You don't get it. Star Wars was never supposed to be overtly political.
Politics, especially the machinations that Palpatine employs to rise from Senator to Emperor, are a major aspect of the story of Episodes I-III, so that statement is literally objectively false.
The dissolution of the Senate occurs even as an event under discussion in Episode IV, the very first film. Fear and the tactics of strongmen and warlords are explicitly referenced as tools that the Empire will be using in its effort to maintain control in the resulting power vacuum. The novelization of the original film opened with a prologue about Palpatine's rise to power.
Politics has overtly and explicitly been a central element of the franchise since before the first film was released and ever since.
On the other hand, if you're somehow trying to say that any connection to the real world is wholly unintended, then that's wrong too. Others have raised points I won't repeat, except as addressed in the quoted matter below. But there's also the eerie parallel between what was going on in the movie theater with respect to how Palpatine was taking over the Republic by suspending normal order during a period of war and the ways in which civil rights were being thrown under the bus during the early part of the War on Terror.
Here's Lucas in his own words about this:
Lucas said he patterned his story after historical transformations from freedom to fascism, never figuring when he started his prequel trilogy in the late 1990s that current events might parallel his space fantasy.
"As you go through history, I didn't think it was going to get quite this close. So it's just one of those recurring things," Lucas said at a Cannes news conference. "I hope this doesn't come true in our country.
"Maybe the film will waken people to the situation," Lucas joked.
That comment echoes Moore's rhetoric at Cannes last year, when his anti-Bush documentary "Fahrenheit 9/11" won the festival's top honor.
Unlike Moore, whose Cannes visit came off like an anybody-but-Bush campaign stop, Lucas never mentioned the president by name but was eager to speak his mind on U.S. policy in Iraq, careful again to note that he created the story long before the Bush-led occupation there.
"When I wrote it, Iraq didn't exist," Lucas said, laughing.
"We were just funding Saddam Hussein and giving him weapons of mass destruction. We didn't think of him as an enemy at that time.
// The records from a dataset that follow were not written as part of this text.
(* Let $\mathcal X\subseteq\mathbb R^p$, let $\mathcal A=\{a^{(1)},\dots,a^{(d)}\}$ (historical action set) and $\bar{\mathcal A}=\{\bar a^{(1)},\dots,\bar a^{(m)}\}$ (new action set) be finite sets of real actions. Let $(\boldsymbol X_i,A_i,R_i)$, $i=1,\dots,n$, be random tuples with $\boldsymbol X_i\in\mathcal X$, $A_i\in\mathcal A$, $R_i\in\mathbb R$ such that: (i) the tuples are independent; (ii) $\boldsymbol X_1,\dots,\boldsymbol X_n$ are i.i.d., distributed as a generic $\boldsymbol X$; (iii) conditionally on $\boldsymbol X_i$, $A_i$ has distribution $\widetilde\pi_i(\cdot\mid\boldsymbol X_i)$ with $\widetilde\pi_i(a\mid\boldsymbol x)>0$ for all $a\in\mathcal A$, $\boldsymbol x\in\mathcal X$; (iv) the conditional distribution of the reward given features $\boldsymbol x$ and action $a$ does not depend on $i$. For $\boldsymbol x\in\mathcal X$ and $a\in\mathcal A\cup\bar{\mathcal A}$ let $\varrho(\boldsymbol x,a)$ denote the expected reward when action $a$ is taken for a policyholder with features $\boldsymbol x$ (so $\varrho(\boldsymbol x,a)=\mathbb E[R_i\mid\boldsymbol X_i=\boldsymbol x,A_i=a]$ for $a\in\mathcal A$). Let $f_1,\dots,f_q:\mathbb R\to\mathbb R$ and $\boldsymbol f(a)=(1,f_1(a),\dots,f_q(a))^\top$. Let $D\in\mathbb R^{d\times(q+1)}$ have $k$-th row $\boldsymbol f(a^{(k)})^\top$ and $\bar D\in\mathbb R^{m\times(q+1)}$ have $k$-th row $\boldsymbol f(\bar a^{(k)})^\top$, and assume $D$ has full column rank $q+1$. Assume the regression assumption: for every $\boldsymbol x\in\mathcal X$ there is $\boldsymbol\beta(\boldsymbol x)\in\mathbb R^{q+1}$ with $\varrho(\boldsymbol x,a)=\boldsymbol f(a)^\top\boldsymbol\beta(\boldsymbol x)$ for all $a\in\mathcal A\cup\bar{\mathcal A}$. For each $i$ let $W_i(\boldsymbol x)\in\mathbb R^{d\times d}$ be symmetric positive definite for every $\boldsymbol x$, and set $\mathbf K_i(\boldsymbol x)=W_i(\boldsymbol x)D\,(D^\top W_i(\boldsymbol x)D)^{-1}\bar D^\top\in\mathbb R^{d\times m}$. For a deterministic policy $\bar\pi:\mathcal X\to\bar{\mathcal A}$ define the kernelized IPS estimator $$\widehat V_{\rm K}(\bar\pi)=\frac1n\sum_{i=1}^n R_i\,\frac{\langle\boldsymbol e_{A_i},\mathbf K_i(\boldsymbol X_i)\,\bar{\boldsymbol e}_{\bar\pi(\boldsymbol X_i)}\rangle}{\widetilde\pi_i(A_i\mid\boldsymbol X_i)}.$$ Then $\widehat V_{\rm K}(\bar\pi)$ is unbiased for $V(\bar\pi)=\mathbb E[\varrho(\boldsymbol X,\bar\pi(\boldsymbol X))]$.
   Context: $\boldsymbol e_a\in\{0,1\}^d$ denotes the one-hot encoding of $a\in\mathcal A$ (entry $k$ equals $\mathbf 1_{\{a=a^{(k)}\}}$), and $\bar{\boldsymbol e}_{\bar a}\in\{0,1\}^m$ the one-hot encoding of $\bar a\in\bar{\mathcal A}$. $V(\bar\pi)$ is the value of $\bar\pi$, i.e. the expected reward when actions are chosen by $\bar\pi$. All expectations appearing are assumed finite. *)

From HB Require Import structures.
From mathcomp Require Import all_boot all_order all_algebra.
From mathcomp Require Import all_classical all_reals all_analysis.
Set Implicit Arguments. Unset Strict Implicit. Unset Printing Implicit Defensive.
Import Order.TTheory GRing.Theory Num.Theory.
Local Open Scope classical_set_scope.
Local Open Scope ring_scope.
We were going after Iran and using him as our surrogate, just as we were doing in Vietnam. ... The parallels between what we did in Vietnam and what we're doing in Iraq now are unbelievable."
The prequel trilogy is based on a back-story outline Lucas created in the mid-1970s for the original three "Star Wars" movies, so the themes percolated out of the Vietnam War and the Nixon-Watergate era, he said.
Lucas began researching how democracies can turn into dictatorships with full consent of the electorate.
In ancient Rome, "why did the senate after killing Caesar turn around and give the government to his nephew?" Lucas said. "Why did France after they got rid of the king and that whole system turn around and give it to Napoleon? It's the same thing with Germany and Hitler.
"You sort of see these recurring themes where a democracy turns itself into a dictatorship, and it always seems to happen kind of in the same way, with the same kinds of issues, and threats from the outside, needing more control. A democratic body, a senate, not being able to function properly because everybody's squabbling, there's corruption."
https://www.cbsnews.com/news/sith-invites-bush-comparisons/2/
That's page 2 of:
https://www.cbsnews.com/news/sith-invites-bush-comparisons/
From page 1:
Cannes audiences made blunt comparisons between "Revenge of the Sith," the story of Anakin Skywalker's fall to the dark side and the rise of an emperor through warmongering, to President Bush's war on terrorism and the invasion of Iraq.
Two lines from the movie especially resonated:
"This is how liberty dies. With thunderous applause," bemoans Padme Amidala (Natalie Portman) as the galactic Senate cheers dictator-in-waiting Palpatine (Ian McDiarmid) while he announces a crusade against the Jedi.
"If you're not with me, then you're my enemy," Hayden Christensen's Anakin (soon to become villain Darth Vader) tells former mentor Obi-Wan Kenobi (Ewan McGregor). The line echoes Mr. Bush's international ultimatum after the Sept. 11 attacks, "Either you are with us, or you are with the terrorists."
So, yeah, not only is it supposed to be political, but also there's a definite deliberate intention that it exhibit both commonly recurring themes in history and a resemblance to recent periods in a way that's applicable to contemporary situations, of which in fact it happens to be shockingly prescient.
Your statement is therefore wrong any way you read it.